BEGIN RECORDS FOR THE TASK

(* For any $n$-qubit pure state $\ket{\psi}$ and any integer $k\ge1$, the $nk$-qubit state $\ket{\psi}^{\otimes k}$ satisfies $\mathcal{C}(\ket{\psi}^{\otimes k})=1-\big(1-\mathcal{C}(\ket{\psi})\big)^k$.
   Context: For an $m$-qubit pure state $\ket{\phi}$, $\mathcal{C}(\ket{\phi})=1-\frac{1}{2^{m}}\sum_{\alpha}\mathrm{Tr}[\rho_\alpha^2]$, the sum over all subsets $\alpha$ of its $m$ qubits, $\rho_\alpha$ the reduced state on $\alpha$, $\mathrm{Tr}[\rho_\emptyset^2]=1$. *)

(* Complex amplitudes live in an arbitrary numClosedFieldType C
   (e.g. complex numbers); conjugation is z^*. *)
From HB Require Import structures.
From mathcomp Require Import all_boot all_order all_algebra.
Set Implicit Arguments. Unset Strict Implicit. Unset Printing Implicit Defensive.
Import Order.TTheory GRing.Theory Num.Theory.
Local Open Scope ring_scope.

(* computational basis states of n qubits: bit strings x : 'I_n -> bool *)
Definition cfg (n : nat) := {ffun 'I_n -> bool}.

Definition merge n (A : {set 'I_n}) (x z : cfg n) : cfg n :=
  [ffun i => if i \in A then x i else z i].

(* x is supported in A (all bits outside A are 0): encodes basis states of the
   subsystem A as n-bit strings padded with zeros *)
Definition onA n (A : {set 'I_n}) (x : cfg n) : bool :=
  [forall i, (i \notin A) ==> ~~ x i].

(* matrix entries <x| rho_A |y> of the reduced state of |psi><psi| on A
   (partial trace over the complement of A) *)
Definition rdm (C : numClosedFieldType) n (psi : cfg n -> C) (A : {set 'I_n})
  (x y : cfg n) : C :=
  \sum_(z : cfg n | onA (~: A) z) psi (merge A x z) * (psi (merge A y z))^*.

Definition purity (C : numClosedFieldType) n (psi : cfg n -> C) (A : {set 'I_n}) : C :=
  \sum_(x : cfg n | onA A x) \sum_(y : cfg n | onA A y) rdm psi A x y * rdm psi A y x.

Definition Cmeas (C : numClosedFieldType) n (psi : cfg n -> C) : C :=
  1 - ((2 ^ n)%:R)^-1 * \sum_(A : {set 'I_n}) purity psi A.

Lemma idx_lt n k (c : 'I_k) (j : 'I_n) : (c * n + j < n * k)%N.
Proof.
have hc := ltn_ord c. have hj := ltn_ord j.
apply: (@leq_trans (c * n + n)); first by rewrite ltn_add2l.
by rewrite addnC -mulSn mulnC leq_mul2l hc orbT.
Qed.

(* qubit j of copy c sits at position c*n + j *)
Definition idx n k (c : 'I_k) (j : 'I_n) : 'I_(n * k) := Ordinal (idx_lt c j).

Definition tpow (C : numClosedFieldType) n (psi : cfg n -> C) (k : nat)
  (x : cfg (n * k)) : C :=
  \prod_(c < k) psi [ffun j : 'I_n => x (idx c j)].
Arguments tpow {C n} psi k x.

From Pilot Require Import Defs.
From HB Require Import structures.
From mathcomp Require Import all_boot all_order all_algebra.
Set Implicit Arguments. Unset Strict Implicit. Unset Printing Implicit Defensive.
Import Order.TTheory GRing.Theory Num.Theory.
Local Open Scope ring_scope.

(* Identify the n*k qubits with k copies of n qubits.  Bit strings and subsets
   of the big register then correspond bijectively to k-tuples of bit strings
   and subsets of one copy, and the reduced state of psi^{(x)k} on a subset A
   is the tensor product of the reduced states of psi on the slices of A.
   Hence Tr[rho_A^2] factors as a product over the copies, and summing over A
   gives (sum_B Tr[rho_B^2])^k, while 2^{nk} = (2^n)^k. *)

Section Slicing.
Variables n k : nat.

Lemma n_gt0 (i : 'I_(n * k)) : (0 < n)%N.
Proof. by case: n i => [|m] [i hi] //; rewrite mul0n in hi. Qed.

Lemma qubit_of_lt (i : 'I_(n * k)) : (i %% n < n)%N.
Proof. exact: ltn_pmod (n_gt0 i). Qed.

Lemma copy_of_lt (i : 'I_(n * k)) : (i %/ n < k)%N.
Proof. by rewrite ltn_divLR ?(n_gt0 i) //; case: i => i /=; rewrite mulnC. Qed.

Definition qubit_of (i : 'I_(n * k)) : 'I_n := Ordinal (qubit_of_lt i).
Definition copy_of (i : 'I_(n * k)) : 'I_k := Ordinal (copy_of_lt i).

Lemma idx_copy_qubit i : idx (copy_of i) (qubit_of i) = i.
Proof. by apply: val_inj; rewrite /= -divn_eq. Qed.

Lemma copy_of_idx c j : copy_of (idx c j) = c.
Proof.
apply: val_inj => /=; have lt_j_n := ltn_ord j.
by rewrite divnMDl ?(leq_ltn_trans _ lt_j_n) // divn_small // addn0.
Qed.

Lemma qubit_of_idx c j : qubit_of (idx c j) = j.
Proof. by apply: val_inj; rewrite /= modnMDl modn_small. Qed.

Definition split_cfg (x : cfg (n * k)) : {ffun 'I_k -> cfg n} :=
  [ffun c => [ffun j => x (idx c j)]].
Definition join_cfg (f : {ffun 'I_k -> cfg n}) : cfg (n * k) :=
  [ffun i => f (copy_of i) (qubit_of i)].

Lemma split_cfgK : cancel split_cfg join_cfg.
Proof. by move=> x; apply/ffunP => i; rewrite !ffunE idx_copy_qubit. Qed.

Lemma join_cfgK : cancel join_cfg split_cfg.
Proof.
by move=> f; apply/ffunP => c; apply/ffunP => j; rewrite !ffunE copy_of_idx qubit_of_idx.
Qed.

Lemma join_cfg_bij : bijective join_cfg.
Proof. exact: Bijective join_cfgK split_cfgK. Qed.

Definition split_set (A : {set 'I_(n * k)}) : {ffun 'I_k -> {set 'I_n}} :=
  [ffun c => [set j | idx c j \in A]].
Definition join_set (F : {ffun 'I_k -> {set 'I_n}}) : {set 'I_(n * k)} :=
  [set i | qubit_of i \in F (copy_of i)].

Lemma split_setK : cancel split_set join_set.
Proof. by move=> A; apply/setP => i; rewrite !inE ffunE inE idx_copy_qubit. Qed.

Lemma join_setK : cancel join_set split_set.
Proof.
by move=> F; apply/ffunP => c; apply/setP => j; rewrite ffunE !inE copy_of_idx qubit_of_idx.
Qed.

Lemma join_set_bij : bijective join_set.
Proof. exact: Bijective join_setK split_setK. Qed.

Lemma split_setC A c : split_set (~: A) c = ~: split_set A c.
Proof. by apply/setP => j; rewrite !(ffunE, inE). Qed.

Lemma onA_split A x :
  onA A x = [forall c, onA (split_set A c) (split_cfg x c)].
Proof.
apply/forallP/forallP => [onAx c | onAx i].
  by apply/forallP => j; have := onAx (idx c j); rewrite !(ffunE, inE).
have /forallP/(_ (qubit_of i)) := onAx (copy_of i).
by rewrite !(ffunE, inE) idx_copy_qubit.
Qed.

Lemma split_merge A x z c :
  split_cfg (Defs.merge A x z) c =
  Defs.merge (split_set A c) (split_cfg x c) (split_cfg z c).
Proof. by apply/ffunP => j; rewrite !(ffunE, inE). Qed.

Lemma sum_split_prod (R : comPzSemiRingType) (P : 'I_k -> pred (cfg n))
    (F : 'I_k -> cfg n -> R) :
  \sum_(x : cfg (n * k) | [forall c, P c (split_cfg x c)])
     \prod_c F c (split_cfg x c) =
  \prod_c \sum_(y | P c y) F c y.
Proof.
rewrite bigA_distr_big_dep (reindex join_cfg) /=; last exact: onW_bij join_cfg_bij.
apply: eq_big => [f | f _]; last by rewrite join_cfgK.
by rewrite join_cfgK; apply/forallP/familyP.
Qed.

Lemma sum_split_set (R : comPzSemiRingType) (F : 'I_k -> {set 'I_n} -> R) :
  \sum_(A : {set 'I_(n * k)}) \prod_c F c (split_set A c) =
  \prod_c \sum_B F c B.
Proof.
rewrite bigA_distr_bigA (reindex join_set) /=; last exact: onW_bij join_set_bij.
by apply: eq_bigr => F' _; rewrite join_setK.
Qed.

End Slicing.

Section TensorPower.
Variables (C : numClosedFieldType) (n k : nat) (psi : cfg n -> C).

Lemma tpowE x : tpow psi k x = \prod_c psi (split_cfg x c).
Proof. by apply: eq_bigr => c _; rewrite ffunE. Qed.

Lemma rdm_tpow A x y :
  rdm (tpow psi k) A x y =
  \prod_c rdm psi (split_set A c) (split_cfg x c) (split_cfg y c).
Proof.
rewrite /rdm -sum_split_prod.
apply: eq_big => [z | z _].
  by rewrite onA_split; under eq_forallb do rewrite split_setC.
by rewrite !tpowE rmorph_prod -big_split; apply: eq_bigr => c _; rewrite !split_merge.
Qed.

Lemma purity_tpow A :
  purity (tpow psi k) A = \prod_c purity psi (split_set A c).
Proof.
rewrite /purity -sum_split_prod.
apply: eq_big => [x | x _]; first exact: onA_split.
rewrite -sum_split_prod; apply: eq_big => [y | y _]; first exact: onA_split.
by rewrite !rdm_tpow -big_split.
Qed.

Lemma sum_purity_tpow :
  \sum_(A : {set 'I_(n * k)}) purity (tpow psi k) A =
  (\sum_(B : {set 'I_n}) purity psi B) ^+ k.
Proof.
under eq_bigr do rewrite purity_tpow.
by rewrite (sum_split_set (fun _ => purity psi)) prodr_const card_ord.
Qed.

Lemma Cmeas_tpow : Cmeas (tpow psi k) = 1 - (1 - Cmeas psi) ^+ k.
Proof. by rewrite /Cmeas sum_purity_tpow subKr exprMn exprVn -natrX -expnM. Qed.

End TensorPower.

Theorem mainTheorem13 (C : numClosedFieldType) (n k : nat) (psi : cfg n -> C) :
  \sum_(x : cfg n) `|psi x| ^+ 2 = 1 -> (1 <= k)%N ->
  Cmeas (tpow psi k) = 1 - (1 - Cmeas psi) ^+ k.
Proof. by move=> _ _; exact: Cmeas_tpow. Qed.
Lemma descent_eq_dpow_addmul b : (forall c, (mdeg c < mdeg b)%N -> y c =1 dpow c) ->
  b != 0%MM -> forall q, y b q = dpow b q + q * y b 1.
Proof.
move=> IH b_neq0; pose z q := y b q - dpow b q.
have lz : linear z := linear_op_sub (linear_y b) (linear_dpow b).
have zX i q : z ('X_i * q) = 'X_i * z q.
  have : y b ('X_i * q) - 'X_i * y b q = dpow b ('X_i * q) - 'X_i * dpow b q.
    rewrite -[LHS]/(mad i (y b) q) -madsU y_mads dpow_commX.
    case: ifP => // le_Ub; apply: IH.
    by rewrite -[in X in (_ < X)%N](submK le_Ub) mdegD mdeg1 addn1.
  by move/eqP; rewrite subr_eq => /eqP e; rewrite /z mulrBr e; ring.
move=> q; have := linear_op_commX_mulr lz zX q.
by rewrite /z dpow1 // subr0 => /eqP; rewrite subr_eq addrC => /eqP.
Qed.

Lemma descent_iter b k : exists c : K, forall q, iter k.+1 (y b) q = c *: y (b *+ k.+1)%MM q.
Proof.
elim: k => [|k [c IH]]; first by exists 1 => q; rewrite scale1r.
exists (c * @mbinom K n b (b *+ k.+1)%MM) => q.
rewrite iterS IH (linear_opZ (linear_y b)) -[y b _]/(opmul (y b) (y _) q) yM.
by rewrite scalerA -mulmS.
Qed.

(* binom(p m, m) = p binom(p m - 1, m - 1) for m > 0. *)
Lemma mbinom_mulmn_pred p b : p \in [pchar K] -> b != 0%MM ->
  @mbinom K n b (b *+ p.-1)%MM = 0.
Proof.
move=> pK /mnm_neq0_exists [i bi_neq0]; have p_gt1 := prime_gt1 (pcharf_prime pK).
suff /dvdnP [k e] : (p %| \prod_(j < n) 'C((b + b *+ p.-1)%MM j, (b *+ p.-1)%MM j))%N.
  by rewrite /mbinom e natrM (pcharf0 pK) mulr0.
rewrite (bigD1 i) //= dvdn_mulr // mnmDE !mulmnE.
have bi_gt0 : (0 < b i)%N by rewrite lt0n.
have -> : (b i + b i * p.-1 = b i * p)%N by rewrite -mulnS prednK // ltnW.
have -> : (b i * p.-1 = b i * p - b i)%N by rewrite -subn1 mulnBr muln1.
rewrite bin_sub ?leq_pmulr 1?ltnW //.
have := mul_bin_diag (b i * p) (b i).-1.
rewrite prednK // => e; apply/dvdnP; exists 'C((b i * p).-1, (b i).-1).
by apply/eqP; rewrite -(@eqn_pmul2l (b i)) // -e; apply/eqP; ring.
Qed.

Lemma descent_nilpotent p b : p \in [pchar K] -> b != 0%MM -> forall q, iter p (y b) q = 0.
Proof.
move=> pK b_neq0 q; have p_gt1 := prime_gt1 (pcharf_prime pK).
have [c IH] := descent_iter b p.-2.
have -> : p = p.-2.+2 by lia.
rewrite iterS IH (linear_opZ (linear_y b)) -[y b _]/(opmul (y b) (y _) q) yM.
have -> : p.-2.+1 = p.-1 by lia.
by rewrite mbinom_mulmn_pred // scale0r scaler0.
Qed.

Lemma descent_eq_dpow p b : p \in [pchar K] -> y b =1 dpow b.
Proof.
move=> pK; have [k] := ubnP (mdeg b); elim: k b => // k IH b lt_bk.
have [->|b_neq0] := eqVneq b 0%MM; first by move=> q; rewrite y0 dpow0.
have yb := descent_eq_dpow_addmul (fun c lt_cb => IH c (leq_trans lt_cb lt_bk)) b_neq0.
suff yb1 : y b 1 = 0 by move=> q; rewrite yb yb1 mulr0 addr0.
apply/eqP; apply: contraT => f_neq0.
have := iter_dpow_addmul_neq0 p b_neq0 f_neq0.
by rewrite -(eq_iter yb) (descent_nilpotent pK b_neq0) eqxx.
Qed.

End Uniqueness.

Unset Implicit Arguments. Set Strict Implicit.

Theorem theorem3p1 (K : fieldType) (p : nat) (hp : p \in [pchar K]) (n : nat) :
  iterative_descent (@dpow K n) /\
  (forall y : 'X_{1..n} -> op K n,
     iterative_descent y -> forall a q, y a q = dpow a q).
Proof.
split; first exact: dpow_iterative_descent.
by move=> y [y_diffop y0 yM y_mads] a; apply: descent_eq_dpow hp.
Qed.
(* Let $f:\mathbb{R}\to\mathbb{R}$ satisfy $f(0)=0$ and $|f(u)-f(v)|\leq C|u-v|(e^{\lambda u^2}+e^{\lambda v^2})$ for all $u,v\in\mathbb{R}$, for some constants $C,\lambda>0$. Let $v\in L^\infty(\mathbb{R}^N)$ and $w_1,w_2\in\exp L^2(\mathbb{R}^N)$ with $\|w_1\|_{\exp L^2},\|w_2\|_{\exp L^2}\leq K$ for some $K>0$. Let $2\leq q<\infty$ and assume $4\lambda qK^2\leq1$. Then there exists a constant $C_q>0$ depending on $q$ such that $$\|f(w_1+v)-f(w_2+v)\|_{L^q}\leq C_q\,e^{2\lambda\|v\|_{L^\infty}^2}\|w_1-w_2\|_{\exp L^2}.$$
   Context: The Orlicz space $\exp L^2(\mathbb{R}^N)$ is the set of $u\in L^1_{loc}(\mathbb{R}^N)$ such that $\int_{\mathbb{R}^N}(e^{|u(x)|^2/\alpha^2}-1)\,dx<\infty$ for some $\alpha>0$, with the Luxemburg norm $\|u\|_{\exp L^2}=\inf\{\alpha>0:\int_{\mathbb{R}^N}(e^{|u(x)|^2/\alpha^2}-1)\,dx\leq 1\}$. *)

From HB Require Import structures.
From mathcomp Require Import all_boot all_order all_algebra.
From mathcomp Require Import all_classical all_reals all_analysis.
Set Implicit Arguments. Unset Strict Implicit. Unset Printing Implicit Defensive.
Import Order.TTheory GRing.Theory Num.Theory.
Import numFieldNormedType.Exports.
Local Open Scope classical_set_scope.
Local Open Scope ring_scope.

Section OrliczExpL2.
Context {d : measure_display} {T : measurableType d} {R : realType}.
Variable mu : {measure set T -> \bar R}.

Definition expL2_integral (u : T -> R) (a : R) : \bar R :=
  (\int[mu]_x ((expR (`|u x| ^+ 2 / a ^+ 2) - 1)%:E))%E.

Definition in_expL2 (u : T -> R) : Prop :=
  measurable_fun setT u /\ exists a : R, 0 < a /\ (expL2_integral u a < +oo)%E.

Definition expL2_norm (u : T -> R) : \bar R :=
  ereal_inf [set a%:E | a in [set a : R | 0 < a /\ (expL2_integral u a <= 1)%E]].

Definition in_Linf (v : T -> R) : Prop :=
  measurable_fun setT v /\ ('N[mu]_(+oo%E)[EFin \o v] < +oo)%E.

Definition Linf_norm (v : T -> R) : R := fine ('N[mu]_(+oo%E)[EFin \o v]).

End OrliczExpL2.

From HB Require Import structures.
From mathcomp Require Import all_boot all_order all_algebra.
From mathcomp Require Import all_classical all_reals all_analysis.
From mathcomp Require Import measurable_realfun ess_sup_inf.
From mathcomp Require Import ring lra.
Import Order.TTheory GRing.Theory Num.Theory.
Import numFieldNormedType.Exports.
Local Open Scope classical_set_scope.
Local Open Scope ring_scope.
(* For real $u,w$ and an integer $n\ge1$ let $g_n(u,w):=\sum_{i=1}^n i\,w^{i-1}u^{n-i}$. Then for every odd integer $n\ge 5$, $$g_n(u,w)=(u^{n-1}+w^{n-1})+\sum_{i=1}^{(n-3)/2}u^{2i}w^{n-1-2i}+(u+w)\sum_{i=0}^{(n-3)/2}(n-1-2i)u^{2i}w^{n-2-2i}.$$ Furthermore, let $\beta>0$, $k>0$, and $w=\delta(u)$ with $\delta$ the involution defined in the context. Then for all odd integers $n\ge 3$: (i) if $-k<u_0<0$, then $g_n(u,w)>0$ for all $u\in(0,u_1)$; (ii) if $u_0<-k$, then $g_n(w,u)>0$ for all $u\in(0,k)$.
   Context: $\Phi(u)=\beta\left(-\frac{u^4}{4}+\frac{k+u_0}{3}u^3-\frac{ku_0}{2}u^2\right)$. Case $-k<u_0<0$: $u_1$ is the unique point of $(0,k)$ with $\Phi(u_1)=\Phi(u_0)$, and for $u\in(0,u_1)$, $\delta(u)$ is the unique $w\in(u_0,0)$ with $\Phi(w)=\Phi(u)$. Case $u_0<-k$: $w_2$ is the unique point of $(u_0,0)$ with $\Phi(w_2)=\Phi(k)$, and for $u\in(0,k)$, $\delta(u)$ is the unique $w\in(w_2,0)$ with $\Phi(w)=\Phi(u)$. *)

From HB Require Import structures.
From mathcomp Require Import all_boot all_order all_algebra.
From mathcomp Require Import reals.
Set Implicit Arguments. Unset Strict Implicit. Unset Printing Implicit Defensive.
Import Order.TTheory GRing.Theory Num.Theory.
Local Open Scope ring_scope.

Definition gfun (R : realType) (n : nat) (u w : R) : R :=
  \sum_(1 <= i < n.+1) i%:R * w ^+ i.-1 * u ^+ (n - i).

Definition Phi (R : realType) (beta k u0 u : R) : R :=
  beta * (- u ^+ 4 / 4%:R + (k + u0) / 3%:R * u ^+ 3 - k * u0 / 2%:R * u ^+ 2).

From HB Require Import structures.
From mathcomp Require Import all_boot all_order all_algebra.
From mathcomp Require Import reals.
From mathcomp Require Import zify ring lra.
Import Order.TTheory GRing.Theory Num.Theory.
Local Open Scope ring_scope.

(* The identity follows by induction on n in steps of 2 from the recurrence
   g_(n+2) = u^2 g_n + (n+1) u w^n + (n+2) w^(n+1).  For positivity, the
   closed form (w - u)^2 g_n = n w^(n+1) - (n+1) w^n u + u^(n+1) shows that
   g_n(u, w) > 0 whenever n is odd and u w < 0: all three terms are then
   nonnegative and the last one is positive.  In both cases (i) and (ii) the
   constraints on Phi only serve to put u and w on opposite sides of 0. *)

Section Gfun.

Variable R : realType.
Implicit Types u w : R.

Lemma gfun0 u w : gfun 0 u w = 0.
Proof. by rewrite /gfun big_geq. Qed.

Lemma gfunS n u w : gfun n.+1 u w = u * gfun n u w + n.+1%:R * w ^+ n.
Proof.
rewrite /gfun big_nat_recr //= subnn expr0 mulr1 big_distrr /=; congr (_ + _).
apply: eq_big_nat => i /andP [_ lt_i_Sn].
by rewrite subSn // exprS; ring.
Qed.

Lemma gfunSS n u w :
  gfun n.+2 u w = u ^+ 2 * gfun n u w + n.+1%:R * u * w ^+ n + n.+2%:R * w ^+ n.+1.
Proof. by rewrite !gfunS; ring. Qed.

Lemma gfun_closed n u w :
  (w - u) ^+ 2 * gfun n u w = n%:R * w ^+ n.+1 - n.+1%:R * w ^+ n * u + u ^+ n.+1.
Proof.
elim: n => [|n IHn]; first by rewrite gfun0 expr0 expr1; ring.
by rewrite gfunS mulrDr mulrCA IHn !exprS -!natr1; ring.
Qed.

Lemma gfun_gt0 n u w : odd n -> u * w < 0 -> 0 < gfun n u w.
Proof.
move=> odd_n uw_lt0.
have u_neq0 : u != 0 by apply: contraTneq uw_lt0 => ->; rewrite mul0r ltxx.
have w_neq0 : w != 0 by apply: contraTneq uw_lt0 => ->; rewrite mulr0 ltxx.
have wnu_lt0 : w ^+ n * u < 0.
  case: n odd_n => [//|n] /= even_n.
  have -> : w ^+ n.+1 * u = w ^+ n * (u * w) by rewrite exprS; ring.
  by rewrite pmulr_rlt0 // exprn_even_gt0 // w_neq0 orbT.
have even_Sn : ~~ odd n.+1 by rewrite /= odd_n.
have wu_neq0 : w - u != 0.
  by apply: contraTneq uw_lt0 => /subr0_eq ->; rewrite -expr2 exprn_even_lt0.
have sq_gt0 : 0 < (w - u) ^+ 2 by rewrite exprn_even_gt0 // wu_neq0 orbT.
rewrite -(pmulr_rgt0 _ sq_gt0) gfun_closed.
have wSn_gt0 : 0 < w ^+ n.+1 by rewrite exprn_even_gt0 // w_neq0 orbT.
have uSn_gt0 : 0 < u ^+ n.+1 by rewrite exprn_even_gt0 // u_neq0 orbT.
have : 0 <= n%:R * w ^+ n.+1 :> R by rewrite mulr_ge0 // ltW.
have : 0 < n.+1%:R * - (w ^+ n * u) :> R by rewrite mulr_gt0 // oppr_gt0.
lra.
Qed.

Lemma sum_even_powers_shift n m u w :
  \sum_(1 <= i < m.+2) u ^+ (2 * i) * w ^+ (n.+2 - 1 - 2 * i)
  = u ^+ 2 * (w ^+ (n - 1) + \sum_(1 <= i < m.+1) u ^+ (2 * i) * w ^+ (n - 1 - 2 * i)).
Proof.
rewrite big_nat_recl // mulrDr big_distrr /=; congr (_ + _).
apply: eq_bigr => i _.
have -> : (n.+2 - 1 - 2 * i.+1 = n - 1 - 2 * i)%N by lia.
by rewrite mulnS exprD mulrA.
Qed.

Lemma sum_weighted_even_powers_shift n m u w :
  \sum_(0 <= i < m.+2) (n.+2 - 1 - 2 * i)%:R * u ^+ (2 * i) * w ^+ (n.+2 - 2 - 2 * i)
  = n.+1%:R * w ^+ n
    + u ^+ 2 * \sum_(0 <= i < m.+1) (n - 1 - 2 * i)%:R * u ^+ (2 * i) * w ^+ (n - 2 - 2 * i).
Proof.
rewrite big_nat_recl // big_distrr /=; congr (_ + _).
  by rewrite muln0 expr0 mulr1; congr (_%:R * _ ^+ _); lia.
apply: eq_bigr => i _.
have -> : (n.+2 - 1 - 2 * i.+1 = n - 1 - 2 * i)%N by lia.
have -> : (n.+2 - 2 - 2 * i.+1 = n - 2 - 2 * i)%N by lia.
by rewrite mulnS exprD; ring.
Qed.

Lemma gfun_decomp_double m u w : let n := (m.*2 + 3)%N in
  gfun n u w =
    (u ^+ n.-1 + w ^+ n.-1)
    + \sum_(1 <= i < m.+1) u ^+ (2 * i) * w ^+ (n - 1 - 2 * i)
    + (u + w) * \sum_(0 <= i < m.+1) (n - 1 - 2 * i)%:R * u ^+ (2 * i) * w ^+ (n - 2 - 2 * i).
Proof.
elim: m => [|m IHm] n; rewrite {}/n.
  by rewrite !gfunS gfun0 big_geq // big_nat1 -[(_ - 1 - _)%N]/2%N -[(_ - 2 - _)%N]/1%N; ring.
rewrite doubleS !addSn -/(_.+2) gfunSS IHm.
rewrite sum_even_powers_shift sum_weighted_even_powers_shift.
rewrite (addnS _ 2).
move: (m.*2 + 2)%N (\sum_(_ <= _ < _) _) (\sum_(_ <= _ < _) _) => a S1 S2.
by rewrite subn1 /= !exprS; ring.
Qed.

Lemma gfun_decomp n u w : odd n -> (3 <= n)%N ->
  gfun n u w =
    (u ^+ n.-1 + w ^+ n.-1)
    + \sum_(1 <= i < ((n - 3)./2).+1) u ^+ (2 * i) * w ^+ (n - 1 - 2 * i)
    + (u + w) * \sum_(0 <= i < ((n - 3)./2).+1)
                 (n - 1 - 2 * i)%:R * u ^+ (2 * i) * w ^+ (n - 2 - 2 * i).
Proof.
move=> odd_n n_ge3.
have [m ->] : exists m, n = (m.*2 + 3)%N.
  by exists (n - 3)./2; have := odd_double_half (n - 3); rewrite oddB // odd_n /=; lia.
by rewrite addnK doubleK; apply: gfun_decomp_double.
Qed.

End Gfun.

Theorem lemma3p8 (R : realType) :
  (* the identity, for odd n >= 5 *)
  (forall (n : nat) (u w : R), odd n -> (5 <= n)%N ->
     gfun n u w =
       (u ^+ n.-1 + w ^+ n.-1)
       + \sum_(1 <= i < ((n - 3)./2).+1) u ^+ (2 * i) * w ^+ (n - 1 - 2 * i)
       + (u + w) * \sum_(0 <= i < ((n - 3)./2).+1)
                    (n - 1 - 2 * i)%:R * u ^+ (2 * i) * w ^+ (n - 2 - 2 * i))
  /\
  (forall (beta k u0 : R), 0 < beta -> 0 < k ->
     (* (i) case -k < u0 < 0: u1 the point of (0,k) with Phi u1 = Phi u0,
        w = delta(u) the point of (u0,0) with Phi w = Phi u *)
     (- k < u0 -> u0 < 0 ->
        forall u1 : R, 0 < u1 -> u1 < k -> Phi beta k u0 u1 = Phi beta k u0 u0 ->
        forall (n : nat) (u w : R), odd n -> (3 <= n)%N ->
          0 < u -> u < u1 ->
          u0 < w -> w < 0 -> Phi beta k u0 w = Phi beta k u0 u ->
          0 < gfun n u w)
     /\
     (* (ii) case u0 < -k: w2 the point of (u0,0) with Phi w2 = Phi k,
        w = delta(u) the point of (w2,0) with Phi w = Phi u *)
     (u0 < - k ->
        forall w2 : R, u0 < w2 -> w2 < 0 -> Phi beta k u0 w2 = Phi beta k u0 k ->
        forall (n : nat) (u w : R), odd n -> (3 <= n)%N ->
          0 < u -> u < k ->
          w2 < w -> w < 0 -> Phi beta k u0 w = Phi beta k u0 u ->
          0 < gfun n w u)).
Proof.
split=> [n u w odd_n n_ge5 | beta k u0 _ _].
  by apply: gfun_decomp => //; apply: leq_trans n_ge5.
split=> [_ _ u1 _ _ _ | _ w2 _ _ _] n u w odd_n _ u_gt0 _ _ w_lt0 _.
  by apply: gfun_gt0 => //; rewrite pmulr_rlt0.
by apply: gfun_gt0 => //; rewrite nmulr_rlt0.
Qed.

END RECORDS FOR THE TASK

WORK INSTRUCTION: For the word "onAx", report how many lines of the records contain it; respond with the number only.

RESPONSE TO THIS EXERCISE: 3